Lemma supplement_inj : {in F &, injective f}.
Proof.
move=> a b /set_mem Fa /set_mem Fb fab; apply/eqP; rewrite -subr_eq0; apply/eqP.
apply: supplement_ker0; first exact: subgroupB.
by rewrite (additive_onB Fsub fFD) // fab subrr.
Qed.

Lemma supplement_divisible y : F y -> E' (f y) ->
  forall N : nat, exists z, F z /\ z *+ N.+1 = y.
Proof.
move=> Fy Ey N; have [z Fz fz] := supplement_onto (decomp_subE decK (vsubZ N.+1%:R^-1 hE' Ey)).
exists z; split => //; apply: supplement_inj; [apply/mem_set; exact: subgroupMn | exact/mem_set |].
by rewrite (additive_onMn Fsub fFD) // fz -scaler_nat scalerA mulfV ?scale1r ?pnatr_eq0.
Qed.

Lemma supplement_E y : F y -> E' (f y) -> E y.
Proof.
move=> Fy Ey; apply: (decomp_divisible decH (FH Fy)) => N.
by have [z [Fz zy]] := supplement_divisible Fy Ey N; exists z; split => //; apply: FH.
Qed.

Lemma supplementE_vsub : is_vsub (F `&` E).
Proof.
split; first by split; [apply: subgroup0 | apply: vsub0].
move=> a x y [Fx Ex] [Fy Ey]; split; last by apply: vsubD => //; apply: vsubZ.
apply: subgroupD => //; apply: (closed_subgroup_divisible_scale Fsub hF.2).
by apply: supplement_divisible => //; rewrite f_E //; apply: g1E.
Qed.

Let DF := [set h | F h /\ D' (f h)].

Lemma supplementD_decomp k : DF k -> exists x d, [/\ E x, D d, k = x + d & g1 x = 0].
Proof.
move=> [/FH Hk Dk]; have [x [d [Ex Dd kxd]]] := decompP decH Hk.
exists x, d; split => //; move: Dk; rewrite kxd f_sum // => Dk.
have := decomp_uniq decK (g1E Ex) (sub_vect (g2D Dd)) (vsub0 hE') (sub_vect Dk).
by rewrite add0r => /(_ erefl) [].
Qed.

Lemma supplementD_subgroup : is_subgroup DF.
Proof.
split; first by split; [apply: subgroup0 | rewrite (additive_on0 Fsub fFD); apply: subgroup0].
move=> a b [Fa Da] [Fb Db]; split; first exact: subgroupB.
by rewrite (additive_onB Fsub fFD) //; apply: subgroupB.
Qed.

(* Two points of [DF] with close projections onto [vect D] along [E] differ by an element
   of [F] with trivial [D]-component, hence of [F `&` kerH H f]. *)
Lemma supplementD_discrete : discrete_set DF.
Proof.
move=> h [Fh Dh]; have [P [PE PD]] := direct_sum_projector hE ED.
have [r r0 Dr] := discrete_subgroup_ball hD dD.
exists ((fun v : V => v *m P) @^-1` ball (h *m P) r); split.
  exact/mulmx_continuous/nbhsx_ballx.
apply/seteqP; split=> [h' /= [[Fh' Dh'] hh']|_ ->]; last by split; [|apply: ballxx].
have /supplementD_decomp [x [d [Ex Dd h'h gx]]] : DF (h' - h).
  by split; [apply: subgroupB | rewrite (additive_onB Fsub fFD) //; apply: subgroupB].
have d0 : d = 0.
  apply: Dr => //; move: hh'; rewrite -ball_normE /ball_ /= -mulmxBl -opprB mulNmx normrN.
  by rewrite h'h mulmxDl (PE _ Ex) (PD _ (sub_vect Dd)) add0r.
apply/eqP; rewrite -subr_eq0; apply/eqP; apply: supplement_ker0; first exact: subgroupB.
by rewrite h'h d0 addr0 f_E.
Qed.

Lemma supplement_setsum : F = setsum (F `&` E) DF.
Proof.
apply/seteqP; split=> [h Fh|_ [x [k [[Fx _] [[Fk _] ->]]]]]; last exact: subgroupD.
have /(decompP decK) [e' [d' [Ee Dd fh]]] := f_HK (FH Fh).
have [y Fy fy] := supplement_onto (decomp_subE decK Ee).
have Ey : E y by apply: supplement_E => //; rewrite fy.
exists y, (h - y); split=> //; split; last by rewrite addrC subrK.
split; first exact: subgroupB.
by rewrite (additive_onB Fsub fFD) // fh fy addrC addKr.
Qed.

Lemma supplement_cap : (F `&` E) `&` vect DF = [set 0].
Proof.
pose W := setsum (E `&` [set x | g1 x = 0]) (vect D).
have hW : is_vsub W := setsum_vsub (kernel_vsub hE g1lin) (vect_vsub D).
have DFW : DF `<=` W.
  move=> k /supplementD_decomp [x [d [Ex Dd -> gx]]].
  by exists x, d; split => //; split => //; apply: sub_vect.
apply/seteqP; split=> [v [[Fv Ev] /(vect_min hW DFW) [x [w [[Ex gx] [Dw vxw]]]]]|_ ->].
  have w0 : w = 0.
    suff : (E `&` vect D) w by rewrite ED.
    have wvx : w = v - x by rewrite vxw [x + w]addrC addrK.
    by split => //; rewrite wvx; apply: (vsubB hE).
  by apply: supplement_ker0 => //; rewrite vxw w0 addr0 f_E.
by split; [split; [apply: subgroup0 | apply: vsub0] | apply: vsub0 (vect_vsub _)].
Qed.

Lemma supplement_decomp : is_decomp F (F `&` E) DF.
Proof.
split; [exact: supplementE_vsub | exact: supplementD_subgroup | exact: supplementD_discrete |
  exact: supplement_setsum | exact: supplement_cap].
Qed.

Lemma supplement_iso : cag_iso F (F `&` E) DF K E' D' f.
Proof.
apply: (cag_iso_of_injective supplement_decomp decK fFD _ _ _ supplement_inj).
- by move=> l x [_ Ex]; rewrite !f_E ?g1Z //; apply: vsubZ.
- apply/seteqP; split=> [_ [x [_ Ex] <-]|e Ee]; first by rewrite f_E //; apply: g1E.
  have [y Fy fy] := supplement_onto (decomp_subE decK Ee).
  by exists y => //; split => //; apply: supplement_E => //; rewrite fy.
- apply/seteqP; split=> [_ [h [_ Dh] <-] //|d Dd].
  have [h Fh fh] := supplement_onto (decomp_subD decK Dd).
  by exists h => //; split => //; rewrite fh.
Qed.

Lemma supplement_cag_iso : exists EF DF, is_decomp F EF DF /\ cag_iso F EF DF K E' D' f.
Proof. by exists (F `&` E), DF; split; [exact: supplement_decomp | exact: supplement_iso]. Qed.

End Supplement.

End Surjective.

→ DIRECTIONS: Among the lines of the data, find every one that holds "addrC" and copy it.

→ RESULT OF THIS EXERCISE:
exists y, (h - y); split=> //; split; last by rewrite addrC subrK.
by rewrite (additive_onB Fsub fFD) // fh fy addrC addKr.
    have wvx : w = v - x by rewrite vxw [x + w]addrC addrK.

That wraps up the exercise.